After the final tree was planted, Ernesto returned to the big house to resume his law school commitments, encouraged and supported by his sister Erica—two remarkable people whose quiet dedication stood out, even among a community filled with a handful of heroes who helped make this project possible. I owe a debt to them all. After planting nearly 200 more trees with Macho—another quiet hero in this story—I walked alone to a patch of forest, listened to the birds, and let it all sink in.
This had started as a whisper of an idea—in woods near the coast of Maine—and now it had form. Life. Legacy. Climate Zero was no longer theoretical. It was forest.
Three days later, I rolled away.
My legs protested. After two weeks off the bike, I cramped hard. By mile 45, I questioned the wisdom of resuming so abruptly. But I kept going. One hundred five miles later, I reached a modest tourist destination on the Caribbean coast—waves breaking under stars.

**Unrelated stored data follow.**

(* The program maintains, for all coordinates [j <> l], the binary expansions
   of both sides of the cross-product equation
   [(p1j - p0j)(p2l - p0l) = (p1l - p0l)(p2j - p0j)], rearranged so that each
   side is a sum of three products of distinct input coordinates; these are
   numbers of [3n] bits, stored in three unary relations over [[n]].  The points
   are collinear iff [d > 0] and the two sides agree for all [j], [l].  Flipping
   bit [k] of a coordinate [x] changes a side containing [x] by [2^k] times the
   coordinate multiplied with [x], so the new bits are those of one sum or
   difference with a shifted input number, which is first-order definable from
   the order and addition by carry look-ahead. *)

Import GRing.Theory Num.Theory.

Definition bitn (N i : nat) : bool := odd (N %/ 2 ^ i).

Definition carryn (X Y i : nat) : bool := 2 ^ i <= X %% 2 ^ i + Y %% 2 ^ i.

Lemma bitn_small N i : N < 2 ^ i -> bitn N i = false.
Proof. by move=> ltNi; rewrite /bitn divn_small. Qed.

Lemma bitn0 i : bitn 0 i = false.
Proof. by rewrite /bitn div0n. Qed.

Lemma bitnD X Y i : bitn (X + Y) i = bitn X i (+) bitn Y i (+) carryn X Y i.
Proof. by rewrite /bitn /carryn divnD ?expn_gt0 // !oddD oddb. Qed.

Lemma bitnDMX k X Y i : X < 2 ^ k ->
  bitn (X + Y * 2 ^ k) i = if i < k then bitn X i else bitn Y (i - k).
Proof.
move=> ltXk; rewrite /bitn; case: ltnP => [ltik|leki].
  rewrite -(subnKC (ltnW ltik)) expnD (mulnC (2 ^ i)) mulnA divnDMl ?expn_gt0 //.
  by rewrite oddD oddM oddX subn_eq0 leqNgt ltik /= andbF addbF.
by rewrite -{1}(subnKC leki) expnD divnMA divnDMl ?expn_gt0 // (divn_small ltXk).
Qed.

Lemma modn_exp2S X i : X %% 2 ^ i.+1 = bitn X i * 2 ^ i + X %% 2 ^ i.
Proof.
have pos2i : 0 < 2 ^ i by rewrite expn_gt0.
rewrite /bitn {1}(divn_eq X (2 ^ i)) {1}(divn_eq (X %/ 2 ^ i) 2) -modn2.
have -> : ((X %/ 2 ^ i) %/ 2 * 2 + (X %/ 2 ^ i) %% 2) * 2 ^ i + X %% 2 ^ i
  = (X %/ 2 ^ i) %/ 2 * 2 ^ i.+1 + ((X %/ 2 ^ i) %% 2 * 2 ^ i + X %% 2 ^ i)
  by rewrite expnS; ring.
rewrite modnMDl modn_small //.
have := ltn_pmod X pos2i; have : (X %/ 2 ^ i) %% 2 < 2 by rewrite ltn_pmod.
rewrite expnS; case: (_ %% 2) => [|[|]] //= _; lia.
Qed.

Lemma carrynS X Y i : carryn X Y i.+1 = (2 <= bitn X i + bitn Y i + carryn X Y i).
Proof.
have pos2i : 0 < 2 ^ i by rewrite expn_gt0.
have := ltn_pmod X pos2i; have := ltn_pmod Y pos2i.
rewrite /carryn !modn_exp2S expnS.
by case: (bitn X i); case: (bitn Y i); case: leqP => /=; lia.
Qed.

Lemma carrynP X Y i : carryn X Y i <-> exists q, [/\ q < i, bitn X q, bitn Y q &
  forall r, q < r < i -> bitn X r || bitn Y r].
Proof.
elim: i => [|i IH].
  by rewrite /carryn expn0 !modn1; split => // -[q []].
rewrite carrynS; split.
- case bX: (bitn X i); case bY: (bitn Y i) => /=.
  + by move=> _; exists i; split => // r; lia.
  + case c: (carryn X Y i) => // _; have [q [ltqi bXq bYq prop]] := proj1 IH c.
    exists q; split => // [|r /andP[ltqr]]; first lia.
    by rewrite ltnS leq_eqVlt => /predU1P[->|ltri]; rewrite ?bX // prop ?ltqr.
  + case c: (carryn X Y i) => // _; have [q [ltqi bXq bYq prop]] := proj1 IH c.
    exists q; split => // [|r /andP[ltqr]]; first lia.
    by rewrite ltnS leq_eqVlt => /predU1P[->|ltri]; rewrite ?bY ?orbT // prop ?ltqr.
  + by case: (carryn X Y i).
- move=> [q [ltqi bXq bYq prop]].
  have [eqqi|neqi] := eqVneq q i; first by rewrite -eqqi bXq bYq.
  have c : carryn X Y i.
    apply/IH; exists q; split => [|||r /andP[ltqr ltri]] //; first lia.
    by apply: prop; rewrite ltqr ltnW.
  have := prop i; rewrite c ltnSn andbT.
  case: (bitn X i); case: (bitn Y i) => //=; apply; lia.
Qed.

Lemma bitn_complement M Z i : Z < 2 ^ M -> i < M ->
  bitn (2 ^ M - 1 - Z) i = ~~ bitn Z i.
Proof.
move=> ltZM ltiM; rewrite /bitn.
have pos2i : 0 < 2 ^ i by rewrite expn_gt0.
have splitM : 2 ^ M = 2 ^ (M - i) * 2 ^ i by rewrite -expnD subnK // ltnW.
have ltq : Z %/ 2 ^ i < 2 ^ (M - i) by rewrite ltn_divLR // -splitM.
have ltr := ltn_pmod Z pos2i.
have -> : 2 ^ M - 1 - Z = (2 ^ (M - i) - 1 - Z %/ 2 ^ i) * 2 ^ i + (2 ^ i - 1 - Z %% 2 ^ i).
  by rewrite {1}splitM {1}(divn_eq Z (2 ^ i)) !mulnBl mul1n; nia.
rewrite divnMDl // (divn_small (_ : 2 ^ i - 1 - Z %% 2 ^ i < 2 ^ i)); last lia.
rewrite addn0 -subnDA oddB; last lia.
by rewrite oddX /= (_ : (M - i == 0) = false) //; lia.
Qed.

Lemma bitn_inj M X Y : X < 2 ^ M -> Y < 2 ^ M ->
  (forall i, i < M -> bitn X i = bitn Y i) -> X = Y.
Proof.
elim: M X Y => [|M IH] X Y ltXM ltYM eqbits.
  by rewrite expn0 in ltXM ltYM; lia.
have eq0 := eqbits 0 (ltn0Sn _); rewrite /bitn !expn0 !divn1 in eq0.
have eqhalf : X./2 = Y./2.
  apply: IH => [||i ltiM]; rewrite -!divn2 ?ltn_divLR -?expnSr //.
  by have := eqbits i.+1 ltiM; rewrite /bitn expnS !divnMA.
by rewrite -(odd_double_half X) -(odd_double_half Y) eq0 eqhalf.
Qed.

Lemma sum_bits_lt (b : nat -> bool) n : \sum_(k < n) b k * 2 ^ k < 2 ^ n.
Proof.
elim: n => [|n IH]; first by rewrite big_ord0.
rewrite big_ord_recr /= expnS mul2n -addnn -addSn leq_add //.
by case: (b n); rewrite ?mul1n ?mul0n.
Qed.

Lemma bitn_sum_bits (b : nat -> bool) n i :
  bitn (\sum_(k < n) b k * 2 ^ k) i = (i < n) && b i.
Proof.
elim: n => [|n IH]; first by rewrite big_ord0 bitn0.
rewrite big_ord_recr /= bitnDMX ?sum_bits_lt // IH ltnS.
case: ltngtP => [//|ltni|->]; last by rewrite subnn /bitn divn1 oddb.
apply: bitn_small; rewrite (leq_ltn_trans (leq_b1 _)) //.
by rewrite -{1}(expn0 2) ltn_exp2l // subn_gt0.
Qed.

Definition FFalse {S : Type} : fo S := FNot FTrue.
Fact FOr_key : unit. Proof. by []. Qed.
Definition FOr {S : Type} (f g : fo S) : fo S :=
  locked_with FOr_key (FNot (FAnd (FNot f) (FNot g))).
Definition FXor {S : Type} (f g : fo S) : fo S := FOr (FAnd f (FNot g)) (FAnd (FNot f) g).
Definition FIff {S : Type} (f g : fo S) : fo S := FNot (FXor f g).
Definition FIf {S : Type} (f g h : fo S) : fo S := FOr (FAnd f g) (FAnd (FNot f) h).
Fact FAll_key : unit. Proof. by []. Qed.
Definition FAll {S : Type} (f : fo S) : fo S := locked_with FAll_key (FNot (FEx (FNot f))).

Fixpoint FOrL {S T : Type} (s : seq T) (f : T -> fo S) : fo S :=
  if s is x :: s' then FOr (f x) (FOrL s' f) else FFalse.
Fixpoint FAndL {S T : Type} (s : seq T) (f : T -> fo S) : fo S :=
  if s is x :: s' then FAnd (f x) (FAndL s' f) else FTrue.

Section DerivedConnectives.
Variables (S : Type) (n : nat) (I : S -> seq nat -> bool).
Local Notation sat := (holds S n I).

Definition env_cons (w : nat) (env : nat -> nat) : nat -> nat :=
  fun v => if v is v'.+1 then env v' else w.

Lemma holds_ex env f : sat env (FEx f) = [exists i : 'I_n, sat (env_cons i env) f].
Proof. by []. Qed.

Lemma holds_exP env f :
  reflect (exists i : 'I_n, sat (env_cons i env) f) (sat env (FEx f)).
Proof. exact: existsP. Qed.

Lemma holds_or env f g : sat env (FOr f g) = sat env f || sat env g.
Proof. by rewrite /FOr locked_withE /= negb_and !negbK. Qed.

Lemma holds_xor env f g : sat env (FXor f g) = sat env f (+) sat env g.
Proof. by rewrite /FXor holds_or /=; case: (sat env f); case: (sat env g). Qed.

Lemma holds_iff env f g : sat env (FIff f g) = (sat env f == sat env g).
Proof. by rewrite /FIff /= holds_xor; case: (sat env f); case: (sat env g). Qed.

Lemma holds_if env f g h :
  sat env (FIf f g h) = if sat env f then sat env g else sat env h.
Proof. by rewrite /FIf holds_or /=; case: (sat env f); rewrite ?orbF. Qed.

Lemma holds_all env f : sat env (FAll f) = [forall i : 'I_n, sat (env_cons i env) f].
Proof.
by rewrite /FAll locked_withE /= negb_exists; apply: eq_forallb => i; rewrite negbK.
Qed.

Lemma holds_OrL T env (s : seq T) f : sat env (FOrL s f) = has (fun x => sat env (f x)) s.
Proof. by elim: s => //= x s IH; rewrite holds_or IH. Qed.

Lemma holds_AndL T env (s : seq T) f : sat env (FAndL s f) = all (fun x => sat env (f x)) s.
Proof. by elim: s => //= x s IH; rewrite IH. Qed.

Lemma holds_OrL_enum (T : finType) env (f : T -> fo S) :
  sat env (FOrL (enum T) f) = [exists x, sat env (f x)].
Proof.
by rewrite holds_OrL; apply/hasP/existsP => [[x _]|[x]]; exists x; rewrite ?mem_enum.
Qed.

Lemma holds_AndL_enum (T : finType) env (f : T -> fo S) :
  sat env (FAndL (enum T) f) = [forall x, sat env (f x)].
Proof. by rewrite holds_AndL; apply/allP/forallP => [h x|h x _]; rewrite ?h ?mem_enum. Qed.

End DerivedConnectives.

Section BlockPositions.
Variables (S : Type) (n m : nat) (I : S -> seq nat -> bool).
Local Notation sat := (holds S n I).

Definition FPosLt (h1 : 'I_m) v1 (h2 : 'I_m) v2 : fo S :=
  if h1 < h2 then FTrue else if h1 == h2 then FLt v1 v2 else FFalse.

Lemma holds_PosLt env (h1 h2 : 'I_m) v1 v2 : env v1 < n -> env v2 < n ->
  sat env (FPosLt h1 v1 h2 v2) = (h1 * n + env v1 < h2 * n + env v2).
Proof.
move=> ltv1 ltv2; rewrite /FPosLt -val_eqE /=; case: ltngtP => [lth|lth|->] /=.
- have : h1.+1 * n <= h2 * n by rewrite leq_mul2r lth orbT.
  by rewrite mulSn; lia.
- have : h2.+1 * n <= h1 * n by rewrite leq_mul2r lth orbT.
  by rewrite mulSn; lia.
by rewrite ltn_add2l.
Qed.

Lemma block_pos_lt (h : 'I_m) p : p < n -> h * n + p < m * n.
Proof.
move=> ltpn; have : h.+1 * n <= m * n by rewrite leq_mul2r ltn_ord orbT.
by rewrite mulSn; lia.
Qed.

Lemma block_posP P : P < m * n -> exists (h : 'I_m) (p : 'I_n), P = h * n + p.
Proof.
move=> ltP; have n_gt0 : 0 < n by lia.
have lth : P %/ n < m by rewrite ltn_divLR.
by exists (Ordinal lth), (Ordinal (ltn_pmod P n_gt0)); rewrite /= -divn_eq.
Qed.

End BlockPositions.

Arguments block_pos_lt {n m} h {p}.
Arguments block_posP {n m P}.

Section BinaryArithmetic.
Variables (S : Type) (n m k0 : nat) (I : S -> seq nat -> bool).
Local Notation sat := (holds S n I).
Local Notation FPosLt := (@FPosLt S m).

(* [X h v s] speaks about bit [h * n + v] of a number of [m * n] bits; the
   variable [s] carries a parameter, whose value is [k0]. *)
Definition bits_fo := 'I_m -> nat -> nat -> fo S.

Definition defines (X : bits_fo) (N : nat) := forall (h : 'I_m) v s env,
  env s = k0 -> env v < n -> sat env (X h v s) = bitn N (h * n + env v).

Definition FExBlock (f : 'I_m -> fo S) : fo S := FOrL (enum 'I_m) f.

Definition FCarry (X Y : bits_fo) (h : 'I_m) v s : fo S :=
  FExBlock (fun h1 => FEx (FAnd (FPosLt h1 0 h v.+1) (FAnd (X h1 0 s.+1) (FAnd (Y h1 0 s.+1)
    (FNot (FExBlock (fun h2 => FEx (FAnd (FPosLt h1 1 h2 0) (FAnd (FPosLt h2 0 h v.+2)
      (FNot (FOr (X h2 0 s.+2) (Y h2 0 s.+2)))))))))))).

Lemma holds_carry {X Y A B} (h : 'I_m) v s env :
  defines X A -> defines Y B -> env s = k0 -> env v < n ->
  sat env (FCarry X Y h v s) = carryn A B (h * n + env v).
Proof.
move=> defX defY es ltv; have ltP := block_pos_lt h ltv.
apply/idP/idP.
- rewrite /FCarry holds_OrL_enum => /existsP[h1] /holds_exP[p] /= /and4P[ltq bA bB noprop].
  rewrite holds_PosLt //= in ltq; rewrite defX //= in bA; rewrite defY //= in bB.
  apply/carrynP; exists (h1 * n + p); split => // r /andP[ltqr ltr].
  have [h2 [p2 er]] := block_posP (ltn_trans ltr ltP); subst r.
  move: noprop; apply: contraNT => prop; rewrite holds_OrL_enum.
  apply/existsP; exists h2; apply/holds_exP; exists p2.
  by rewrite /= !holds_PosLt //= holds_or defX //= defY //= ltqr ltr.
- move/carrynP => [q [ltq bA bB prop]].
  have [h1 [p eq]] := block_posP (ltn_trans ltq ltP); subst q.
  rewrite /FCarry holds_OrL_enum; apply/existsP; exists h1; apply/holds_exP; exists p.
  rewrite /= holds_PosLt //= defX //= defY //= ltq bA bB /= holds_OrL_enum.
  apply/existsP => -[h2] /holds_exP[p2].
  rewrite /= !holds_PosLt //= holds_or defX //= defY //=.
  by case/and3P => ltqr ltr; rewrite prop ?ltqr.
Qed.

Beyond the small room that I rented—where I crawled inside and tried to recover—lay the second half of the ride. The first half was about proving something. This half was about honoring it. The trees were in the ground. My debt to the planet—at least in theory—was paid.
But the journey wasn’t over. Not by a long shot.
The journey ahead would carry me all the way south, to the very end of the road in the Americas, through the final reaches of Mesoamerica and into the immensity of South America. Awaiting me were landscapes both feared and revered: the tangled wilds of the Darién Gap, the vast sprawl of the Amazon Basin, the high passes and thin air of the Andes, the remote grandeur of Patagonia—and countless unknowns that had stirred both wonder and apprehension in my imagination for months.